(Dataset entries)
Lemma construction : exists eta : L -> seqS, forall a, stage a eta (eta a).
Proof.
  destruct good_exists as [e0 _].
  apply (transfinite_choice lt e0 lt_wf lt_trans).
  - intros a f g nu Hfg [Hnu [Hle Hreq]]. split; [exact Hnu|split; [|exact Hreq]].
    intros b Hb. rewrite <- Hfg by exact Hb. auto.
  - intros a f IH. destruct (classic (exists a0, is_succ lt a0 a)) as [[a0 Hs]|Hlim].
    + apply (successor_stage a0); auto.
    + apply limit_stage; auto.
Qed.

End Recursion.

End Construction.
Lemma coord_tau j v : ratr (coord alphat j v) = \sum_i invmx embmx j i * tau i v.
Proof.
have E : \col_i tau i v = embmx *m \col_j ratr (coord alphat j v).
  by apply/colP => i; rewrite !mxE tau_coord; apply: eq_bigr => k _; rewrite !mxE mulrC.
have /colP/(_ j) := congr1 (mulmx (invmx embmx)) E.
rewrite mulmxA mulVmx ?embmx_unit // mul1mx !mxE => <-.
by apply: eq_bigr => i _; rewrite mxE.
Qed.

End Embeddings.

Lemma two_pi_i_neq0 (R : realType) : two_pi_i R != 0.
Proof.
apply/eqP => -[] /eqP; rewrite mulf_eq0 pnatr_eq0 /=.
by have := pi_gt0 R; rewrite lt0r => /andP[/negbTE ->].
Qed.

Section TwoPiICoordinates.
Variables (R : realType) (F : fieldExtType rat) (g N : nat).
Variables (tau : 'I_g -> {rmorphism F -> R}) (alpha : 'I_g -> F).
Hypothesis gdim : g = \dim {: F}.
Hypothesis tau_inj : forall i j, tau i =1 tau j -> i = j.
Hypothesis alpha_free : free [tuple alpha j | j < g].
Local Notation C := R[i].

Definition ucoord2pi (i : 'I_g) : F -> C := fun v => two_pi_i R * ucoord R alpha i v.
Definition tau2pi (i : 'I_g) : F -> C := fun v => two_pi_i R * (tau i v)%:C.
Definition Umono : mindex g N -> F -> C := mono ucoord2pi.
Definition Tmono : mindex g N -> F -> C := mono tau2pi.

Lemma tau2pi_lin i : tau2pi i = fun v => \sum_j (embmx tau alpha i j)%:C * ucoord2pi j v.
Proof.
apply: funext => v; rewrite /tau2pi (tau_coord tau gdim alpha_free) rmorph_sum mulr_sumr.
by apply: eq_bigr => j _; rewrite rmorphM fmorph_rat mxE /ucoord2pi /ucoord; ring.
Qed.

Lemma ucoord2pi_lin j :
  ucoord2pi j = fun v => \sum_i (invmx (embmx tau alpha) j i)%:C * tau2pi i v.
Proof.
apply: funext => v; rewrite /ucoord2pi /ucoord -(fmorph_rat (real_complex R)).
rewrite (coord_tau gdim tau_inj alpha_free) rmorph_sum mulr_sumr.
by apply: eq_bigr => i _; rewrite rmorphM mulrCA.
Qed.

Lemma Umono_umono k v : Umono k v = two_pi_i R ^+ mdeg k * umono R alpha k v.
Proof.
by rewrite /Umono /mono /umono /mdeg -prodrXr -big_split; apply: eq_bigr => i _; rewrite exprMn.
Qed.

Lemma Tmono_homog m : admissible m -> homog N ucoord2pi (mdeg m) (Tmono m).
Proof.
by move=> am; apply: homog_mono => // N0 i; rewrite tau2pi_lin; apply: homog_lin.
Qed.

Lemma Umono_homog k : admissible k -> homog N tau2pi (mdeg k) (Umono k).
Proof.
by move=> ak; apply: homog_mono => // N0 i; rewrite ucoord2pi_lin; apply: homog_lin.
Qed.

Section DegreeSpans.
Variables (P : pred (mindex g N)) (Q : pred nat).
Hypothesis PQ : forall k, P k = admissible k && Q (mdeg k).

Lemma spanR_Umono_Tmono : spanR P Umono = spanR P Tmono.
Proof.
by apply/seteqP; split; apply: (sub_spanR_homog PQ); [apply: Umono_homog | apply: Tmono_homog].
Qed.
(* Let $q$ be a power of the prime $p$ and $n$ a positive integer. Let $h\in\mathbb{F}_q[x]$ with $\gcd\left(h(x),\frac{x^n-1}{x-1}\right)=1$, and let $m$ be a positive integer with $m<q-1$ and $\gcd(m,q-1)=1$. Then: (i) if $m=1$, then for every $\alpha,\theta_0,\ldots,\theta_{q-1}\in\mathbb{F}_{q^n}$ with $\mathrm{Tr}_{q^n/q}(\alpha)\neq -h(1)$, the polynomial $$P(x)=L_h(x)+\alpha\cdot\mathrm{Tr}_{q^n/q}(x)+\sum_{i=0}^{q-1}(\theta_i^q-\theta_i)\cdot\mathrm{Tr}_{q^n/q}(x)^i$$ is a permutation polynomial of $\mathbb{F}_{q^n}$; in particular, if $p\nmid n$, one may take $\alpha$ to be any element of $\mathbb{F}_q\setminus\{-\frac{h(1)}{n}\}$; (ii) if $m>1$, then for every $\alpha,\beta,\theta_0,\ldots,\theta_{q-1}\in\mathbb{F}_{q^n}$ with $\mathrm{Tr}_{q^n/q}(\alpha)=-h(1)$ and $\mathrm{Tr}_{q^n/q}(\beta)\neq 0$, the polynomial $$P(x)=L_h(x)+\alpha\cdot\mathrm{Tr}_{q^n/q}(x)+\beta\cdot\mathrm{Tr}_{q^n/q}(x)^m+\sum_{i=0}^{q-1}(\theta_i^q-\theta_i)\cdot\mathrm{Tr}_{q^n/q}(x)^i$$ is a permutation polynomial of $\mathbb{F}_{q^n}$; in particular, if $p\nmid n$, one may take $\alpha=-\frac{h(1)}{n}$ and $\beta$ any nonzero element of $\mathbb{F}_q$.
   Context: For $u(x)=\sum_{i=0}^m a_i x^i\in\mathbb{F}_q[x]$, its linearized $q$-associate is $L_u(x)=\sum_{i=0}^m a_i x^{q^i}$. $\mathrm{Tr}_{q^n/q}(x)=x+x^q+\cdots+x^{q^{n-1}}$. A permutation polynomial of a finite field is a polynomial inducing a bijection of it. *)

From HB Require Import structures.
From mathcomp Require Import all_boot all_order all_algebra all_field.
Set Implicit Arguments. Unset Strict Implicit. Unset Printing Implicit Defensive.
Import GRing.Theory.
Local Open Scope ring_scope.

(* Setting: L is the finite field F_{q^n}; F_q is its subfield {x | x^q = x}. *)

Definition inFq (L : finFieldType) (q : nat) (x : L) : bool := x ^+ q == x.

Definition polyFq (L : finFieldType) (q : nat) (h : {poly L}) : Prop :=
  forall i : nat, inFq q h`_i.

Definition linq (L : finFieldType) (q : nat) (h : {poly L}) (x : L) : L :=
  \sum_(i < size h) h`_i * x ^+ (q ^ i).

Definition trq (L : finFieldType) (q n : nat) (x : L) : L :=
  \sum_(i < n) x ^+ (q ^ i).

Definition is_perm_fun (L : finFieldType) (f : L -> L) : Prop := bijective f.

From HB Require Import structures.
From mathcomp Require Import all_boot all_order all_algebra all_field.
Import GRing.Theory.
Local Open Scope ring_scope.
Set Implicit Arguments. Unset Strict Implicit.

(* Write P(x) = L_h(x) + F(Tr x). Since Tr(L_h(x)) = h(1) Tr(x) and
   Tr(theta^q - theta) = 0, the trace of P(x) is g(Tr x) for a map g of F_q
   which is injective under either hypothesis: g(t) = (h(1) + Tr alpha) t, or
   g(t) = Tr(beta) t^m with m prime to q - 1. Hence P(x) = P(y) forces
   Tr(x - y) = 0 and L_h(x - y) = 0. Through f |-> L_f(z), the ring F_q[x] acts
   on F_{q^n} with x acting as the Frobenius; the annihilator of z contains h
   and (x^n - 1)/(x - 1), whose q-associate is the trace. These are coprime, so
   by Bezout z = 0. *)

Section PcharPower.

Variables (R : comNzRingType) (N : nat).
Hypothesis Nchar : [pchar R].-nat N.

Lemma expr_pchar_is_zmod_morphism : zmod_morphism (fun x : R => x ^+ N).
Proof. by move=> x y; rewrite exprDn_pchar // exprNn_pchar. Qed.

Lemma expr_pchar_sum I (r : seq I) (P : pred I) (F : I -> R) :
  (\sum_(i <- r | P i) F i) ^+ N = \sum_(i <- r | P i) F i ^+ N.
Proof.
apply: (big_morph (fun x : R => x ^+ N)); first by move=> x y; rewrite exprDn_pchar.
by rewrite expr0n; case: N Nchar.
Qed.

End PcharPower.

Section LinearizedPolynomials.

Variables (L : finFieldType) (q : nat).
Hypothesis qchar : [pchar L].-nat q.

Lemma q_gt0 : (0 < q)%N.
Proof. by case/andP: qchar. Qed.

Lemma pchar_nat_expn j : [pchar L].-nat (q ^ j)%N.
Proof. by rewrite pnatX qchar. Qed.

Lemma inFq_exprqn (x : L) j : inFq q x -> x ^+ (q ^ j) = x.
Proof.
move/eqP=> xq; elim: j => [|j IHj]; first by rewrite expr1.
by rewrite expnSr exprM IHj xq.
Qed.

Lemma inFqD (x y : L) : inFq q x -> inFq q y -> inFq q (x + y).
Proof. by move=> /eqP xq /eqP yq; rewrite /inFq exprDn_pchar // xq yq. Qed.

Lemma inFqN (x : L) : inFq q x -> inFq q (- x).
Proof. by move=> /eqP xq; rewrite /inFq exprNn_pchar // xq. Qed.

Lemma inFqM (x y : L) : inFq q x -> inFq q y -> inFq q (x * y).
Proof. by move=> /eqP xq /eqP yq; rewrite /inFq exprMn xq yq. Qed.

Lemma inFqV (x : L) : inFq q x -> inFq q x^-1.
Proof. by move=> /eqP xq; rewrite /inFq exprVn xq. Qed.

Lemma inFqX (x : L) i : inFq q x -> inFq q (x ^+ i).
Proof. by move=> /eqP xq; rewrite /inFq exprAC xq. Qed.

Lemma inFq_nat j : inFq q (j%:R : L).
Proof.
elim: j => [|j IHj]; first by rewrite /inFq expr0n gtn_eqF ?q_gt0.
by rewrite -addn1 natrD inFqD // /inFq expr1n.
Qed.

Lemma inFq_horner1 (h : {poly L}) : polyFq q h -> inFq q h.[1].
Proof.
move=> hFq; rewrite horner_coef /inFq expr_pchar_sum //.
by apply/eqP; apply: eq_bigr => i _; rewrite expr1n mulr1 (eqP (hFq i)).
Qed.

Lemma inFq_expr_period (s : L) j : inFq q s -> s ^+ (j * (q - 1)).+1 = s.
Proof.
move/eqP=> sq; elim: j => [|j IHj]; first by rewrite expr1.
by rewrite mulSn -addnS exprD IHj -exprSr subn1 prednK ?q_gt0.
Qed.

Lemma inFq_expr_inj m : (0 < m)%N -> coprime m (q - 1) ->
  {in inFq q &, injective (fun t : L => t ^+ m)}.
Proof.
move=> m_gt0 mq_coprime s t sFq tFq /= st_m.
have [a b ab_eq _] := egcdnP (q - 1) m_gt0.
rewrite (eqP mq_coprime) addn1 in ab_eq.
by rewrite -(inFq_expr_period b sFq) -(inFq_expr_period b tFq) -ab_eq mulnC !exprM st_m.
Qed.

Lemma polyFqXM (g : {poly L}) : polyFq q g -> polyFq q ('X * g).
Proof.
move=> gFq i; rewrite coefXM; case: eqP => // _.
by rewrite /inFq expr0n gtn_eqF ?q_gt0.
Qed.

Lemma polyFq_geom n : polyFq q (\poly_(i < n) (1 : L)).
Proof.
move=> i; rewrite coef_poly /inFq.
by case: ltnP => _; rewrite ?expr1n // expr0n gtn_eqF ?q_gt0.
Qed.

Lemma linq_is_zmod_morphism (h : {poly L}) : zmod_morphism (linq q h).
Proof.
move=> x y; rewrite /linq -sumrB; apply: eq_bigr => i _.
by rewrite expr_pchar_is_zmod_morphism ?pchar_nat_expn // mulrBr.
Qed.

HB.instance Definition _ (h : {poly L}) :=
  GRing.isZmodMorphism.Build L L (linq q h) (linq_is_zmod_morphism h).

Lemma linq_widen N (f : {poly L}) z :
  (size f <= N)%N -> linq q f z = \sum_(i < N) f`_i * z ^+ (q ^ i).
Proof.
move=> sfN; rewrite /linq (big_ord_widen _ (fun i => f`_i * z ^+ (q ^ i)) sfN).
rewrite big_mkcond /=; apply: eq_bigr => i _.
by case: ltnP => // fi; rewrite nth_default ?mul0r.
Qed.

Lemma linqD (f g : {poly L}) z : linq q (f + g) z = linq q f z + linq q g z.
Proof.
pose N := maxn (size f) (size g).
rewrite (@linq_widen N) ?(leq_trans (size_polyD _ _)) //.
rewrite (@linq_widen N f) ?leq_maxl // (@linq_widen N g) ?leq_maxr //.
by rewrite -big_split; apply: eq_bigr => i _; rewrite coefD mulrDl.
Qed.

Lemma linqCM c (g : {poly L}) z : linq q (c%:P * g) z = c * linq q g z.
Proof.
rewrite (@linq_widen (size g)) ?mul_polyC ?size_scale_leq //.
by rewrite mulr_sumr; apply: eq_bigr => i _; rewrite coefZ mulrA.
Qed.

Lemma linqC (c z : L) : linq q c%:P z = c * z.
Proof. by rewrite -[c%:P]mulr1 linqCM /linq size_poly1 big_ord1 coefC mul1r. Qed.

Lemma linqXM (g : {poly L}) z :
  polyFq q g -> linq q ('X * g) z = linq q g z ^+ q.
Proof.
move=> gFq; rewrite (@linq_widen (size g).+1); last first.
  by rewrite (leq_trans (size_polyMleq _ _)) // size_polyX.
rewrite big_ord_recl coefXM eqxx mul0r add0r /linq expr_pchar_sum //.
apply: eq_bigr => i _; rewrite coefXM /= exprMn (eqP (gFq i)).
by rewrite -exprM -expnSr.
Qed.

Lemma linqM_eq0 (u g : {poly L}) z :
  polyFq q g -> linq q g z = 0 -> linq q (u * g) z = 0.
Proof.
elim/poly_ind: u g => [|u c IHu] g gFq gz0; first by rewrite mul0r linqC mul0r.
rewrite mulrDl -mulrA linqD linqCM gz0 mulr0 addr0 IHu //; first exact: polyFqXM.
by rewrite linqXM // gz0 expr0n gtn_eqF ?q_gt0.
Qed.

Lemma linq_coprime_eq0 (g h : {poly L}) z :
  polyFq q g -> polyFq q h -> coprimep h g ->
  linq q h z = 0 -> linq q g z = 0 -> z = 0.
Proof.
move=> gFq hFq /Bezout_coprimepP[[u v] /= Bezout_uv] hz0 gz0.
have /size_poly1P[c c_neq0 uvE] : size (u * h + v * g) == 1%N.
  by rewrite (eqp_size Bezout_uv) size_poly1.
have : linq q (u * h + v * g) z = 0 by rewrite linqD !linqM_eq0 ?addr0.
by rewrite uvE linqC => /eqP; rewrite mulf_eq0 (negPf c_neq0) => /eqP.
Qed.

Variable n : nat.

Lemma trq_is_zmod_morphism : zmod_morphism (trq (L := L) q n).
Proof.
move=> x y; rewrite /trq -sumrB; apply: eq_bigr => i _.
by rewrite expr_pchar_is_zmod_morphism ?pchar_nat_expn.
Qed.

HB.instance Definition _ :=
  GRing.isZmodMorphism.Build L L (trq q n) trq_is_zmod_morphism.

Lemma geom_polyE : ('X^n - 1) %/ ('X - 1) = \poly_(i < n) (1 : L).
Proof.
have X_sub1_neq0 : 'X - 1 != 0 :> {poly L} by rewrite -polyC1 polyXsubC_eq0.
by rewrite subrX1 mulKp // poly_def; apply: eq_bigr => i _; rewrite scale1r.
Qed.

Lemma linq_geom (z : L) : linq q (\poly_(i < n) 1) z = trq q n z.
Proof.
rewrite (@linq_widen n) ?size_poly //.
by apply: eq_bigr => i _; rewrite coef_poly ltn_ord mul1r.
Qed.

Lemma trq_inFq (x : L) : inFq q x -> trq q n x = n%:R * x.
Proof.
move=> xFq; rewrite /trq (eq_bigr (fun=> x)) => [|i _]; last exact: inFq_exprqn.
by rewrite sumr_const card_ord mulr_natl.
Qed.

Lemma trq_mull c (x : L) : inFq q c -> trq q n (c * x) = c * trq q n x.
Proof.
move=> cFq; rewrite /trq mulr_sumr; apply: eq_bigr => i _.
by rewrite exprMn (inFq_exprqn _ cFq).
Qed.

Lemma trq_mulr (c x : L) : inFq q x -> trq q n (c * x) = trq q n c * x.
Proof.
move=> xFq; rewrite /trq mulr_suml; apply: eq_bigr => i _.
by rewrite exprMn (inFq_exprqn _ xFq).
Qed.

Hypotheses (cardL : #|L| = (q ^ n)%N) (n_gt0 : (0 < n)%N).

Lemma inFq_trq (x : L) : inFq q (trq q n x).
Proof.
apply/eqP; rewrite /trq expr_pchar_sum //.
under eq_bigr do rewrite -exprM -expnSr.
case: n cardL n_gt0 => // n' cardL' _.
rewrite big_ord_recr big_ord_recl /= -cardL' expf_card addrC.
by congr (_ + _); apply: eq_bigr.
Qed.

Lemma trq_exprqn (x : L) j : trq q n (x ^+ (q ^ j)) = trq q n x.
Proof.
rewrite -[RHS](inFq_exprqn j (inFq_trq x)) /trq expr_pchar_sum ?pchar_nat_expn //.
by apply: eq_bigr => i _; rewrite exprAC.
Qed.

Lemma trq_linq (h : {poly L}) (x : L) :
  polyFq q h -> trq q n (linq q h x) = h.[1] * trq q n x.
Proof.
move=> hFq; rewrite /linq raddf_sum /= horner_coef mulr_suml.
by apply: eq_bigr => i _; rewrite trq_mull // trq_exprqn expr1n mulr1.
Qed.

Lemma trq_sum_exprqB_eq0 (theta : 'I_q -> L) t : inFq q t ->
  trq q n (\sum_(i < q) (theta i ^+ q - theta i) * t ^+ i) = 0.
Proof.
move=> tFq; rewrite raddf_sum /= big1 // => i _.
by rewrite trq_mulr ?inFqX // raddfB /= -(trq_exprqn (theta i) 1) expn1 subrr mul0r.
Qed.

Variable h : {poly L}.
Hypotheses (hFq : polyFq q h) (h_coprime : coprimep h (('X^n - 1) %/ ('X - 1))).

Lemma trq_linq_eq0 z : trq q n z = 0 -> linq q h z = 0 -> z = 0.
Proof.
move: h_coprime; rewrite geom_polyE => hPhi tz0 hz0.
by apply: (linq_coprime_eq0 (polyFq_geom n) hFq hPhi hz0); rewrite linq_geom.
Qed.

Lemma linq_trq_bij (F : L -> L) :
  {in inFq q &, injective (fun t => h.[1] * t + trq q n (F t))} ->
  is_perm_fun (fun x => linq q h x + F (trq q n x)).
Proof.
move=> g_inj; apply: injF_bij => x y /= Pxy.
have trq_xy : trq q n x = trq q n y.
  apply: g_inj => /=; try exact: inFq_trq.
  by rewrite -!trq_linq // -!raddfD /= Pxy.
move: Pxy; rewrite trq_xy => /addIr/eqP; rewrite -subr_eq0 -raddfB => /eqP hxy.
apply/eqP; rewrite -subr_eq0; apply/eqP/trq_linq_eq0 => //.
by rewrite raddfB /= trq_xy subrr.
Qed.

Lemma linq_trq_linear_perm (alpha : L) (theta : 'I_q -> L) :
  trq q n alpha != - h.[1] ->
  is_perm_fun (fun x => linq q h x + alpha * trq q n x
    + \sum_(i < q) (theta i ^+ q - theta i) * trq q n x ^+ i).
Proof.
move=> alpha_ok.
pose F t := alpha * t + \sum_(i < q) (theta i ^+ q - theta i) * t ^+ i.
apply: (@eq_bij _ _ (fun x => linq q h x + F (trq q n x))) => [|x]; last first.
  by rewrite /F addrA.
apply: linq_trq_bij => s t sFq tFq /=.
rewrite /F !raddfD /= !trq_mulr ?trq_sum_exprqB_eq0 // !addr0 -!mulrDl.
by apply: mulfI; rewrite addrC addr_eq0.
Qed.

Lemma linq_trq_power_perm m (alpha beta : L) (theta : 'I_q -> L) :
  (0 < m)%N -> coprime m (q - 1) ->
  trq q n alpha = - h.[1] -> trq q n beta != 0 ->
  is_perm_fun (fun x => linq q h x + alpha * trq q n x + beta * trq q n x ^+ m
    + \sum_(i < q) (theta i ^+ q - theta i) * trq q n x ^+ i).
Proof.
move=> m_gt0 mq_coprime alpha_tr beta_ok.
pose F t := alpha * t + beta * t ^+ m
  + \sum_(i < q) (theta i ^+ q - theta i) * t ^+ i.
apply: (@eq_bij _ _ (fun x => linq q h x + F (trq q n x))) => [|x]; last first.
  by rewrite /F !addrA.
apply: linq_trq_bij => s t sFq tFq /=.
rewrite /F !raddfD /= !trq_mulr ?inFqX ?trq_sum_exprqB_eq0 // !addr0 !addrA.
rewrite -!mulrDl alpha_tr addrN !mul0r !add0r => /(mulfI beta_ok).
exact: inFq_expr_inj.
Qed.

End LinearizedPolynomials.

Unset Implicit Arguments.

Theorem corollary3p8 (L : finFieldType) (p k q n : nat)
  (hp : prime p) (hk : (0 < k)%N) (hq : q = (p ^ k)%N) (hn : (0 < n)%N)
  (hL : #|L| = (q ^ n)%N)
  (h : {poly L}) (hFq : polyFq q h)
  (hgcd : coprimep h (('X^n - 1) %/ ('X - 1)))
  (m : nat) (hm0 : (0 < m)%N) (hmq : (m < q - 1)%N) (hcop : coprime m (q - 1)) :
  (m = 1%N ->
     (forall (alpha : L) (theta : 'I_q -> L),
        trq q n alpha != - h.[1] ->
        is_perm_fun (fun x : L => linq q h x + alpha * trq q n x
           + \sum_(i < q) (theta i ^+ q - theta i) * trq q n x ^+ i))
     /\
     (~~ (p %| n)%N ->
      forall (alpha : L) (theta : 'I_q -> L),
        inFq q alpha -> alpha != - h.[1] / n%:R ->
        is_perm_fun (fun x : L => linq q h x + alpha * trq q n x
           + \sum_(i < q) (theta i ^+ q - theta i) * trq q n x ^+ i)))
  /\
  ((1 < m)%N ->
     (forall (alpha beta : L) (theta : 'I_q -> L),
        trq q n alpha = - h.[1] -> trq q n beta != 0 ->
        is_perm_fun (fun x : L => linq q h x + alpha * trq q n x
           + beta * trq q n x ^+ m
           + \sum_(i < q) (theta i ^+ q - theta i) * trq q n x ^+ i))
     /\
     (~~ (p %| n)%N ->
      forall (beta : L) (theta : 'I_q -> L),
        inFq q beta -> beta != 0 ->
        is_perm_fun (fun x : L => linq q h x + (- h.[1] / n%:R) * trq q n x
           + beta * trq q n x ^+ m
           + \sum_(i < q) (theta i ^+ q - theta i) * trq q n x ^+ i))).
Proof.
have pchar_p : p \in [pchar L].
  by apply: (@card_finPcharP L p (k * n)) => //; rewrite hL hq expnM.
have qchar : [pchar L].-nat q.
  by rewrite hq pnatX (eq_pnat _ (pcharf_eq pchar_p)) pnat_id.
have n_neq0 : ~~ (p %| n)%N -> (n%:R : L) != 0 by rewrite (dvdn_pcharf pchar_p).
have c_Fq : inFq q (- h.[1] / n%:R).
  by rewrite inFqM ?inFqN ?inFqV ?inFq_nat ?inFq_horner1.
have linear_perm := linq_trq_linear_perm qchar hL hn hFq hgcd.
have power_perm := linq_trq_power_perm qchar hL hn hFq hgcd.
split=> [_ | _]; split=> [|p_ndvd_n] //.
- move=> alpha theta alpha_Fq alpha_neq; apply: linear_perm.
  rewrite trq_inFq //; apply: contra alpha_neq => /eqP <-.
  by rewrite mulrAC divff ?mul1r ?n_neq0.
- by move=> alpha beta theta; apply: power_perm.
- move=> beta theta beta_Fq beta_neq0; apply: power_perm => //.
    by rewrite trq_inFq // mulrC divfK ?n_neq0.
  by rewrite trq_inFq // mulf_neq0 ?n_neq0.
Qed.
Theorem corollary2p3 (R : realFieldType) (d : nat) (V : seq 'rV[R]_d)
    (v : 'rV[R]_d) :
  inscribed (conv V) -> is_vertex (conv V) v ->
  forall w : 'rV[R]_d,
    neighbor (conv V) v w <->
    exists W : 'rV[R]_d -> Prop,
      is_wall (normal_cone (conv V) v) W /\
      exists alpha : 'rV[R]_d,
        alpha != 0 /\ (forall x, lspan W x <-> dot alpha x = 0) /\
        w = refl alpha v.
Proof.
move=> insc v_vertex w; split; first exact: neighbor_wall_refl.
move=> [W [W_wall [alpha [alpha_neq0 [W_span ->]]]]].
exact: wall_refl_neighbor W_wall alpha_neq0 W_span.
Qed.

> [Exercise details]
For the data shown above, give the number of lines where the word "Build" appears, and nothing else.

> [Completed exercise]
2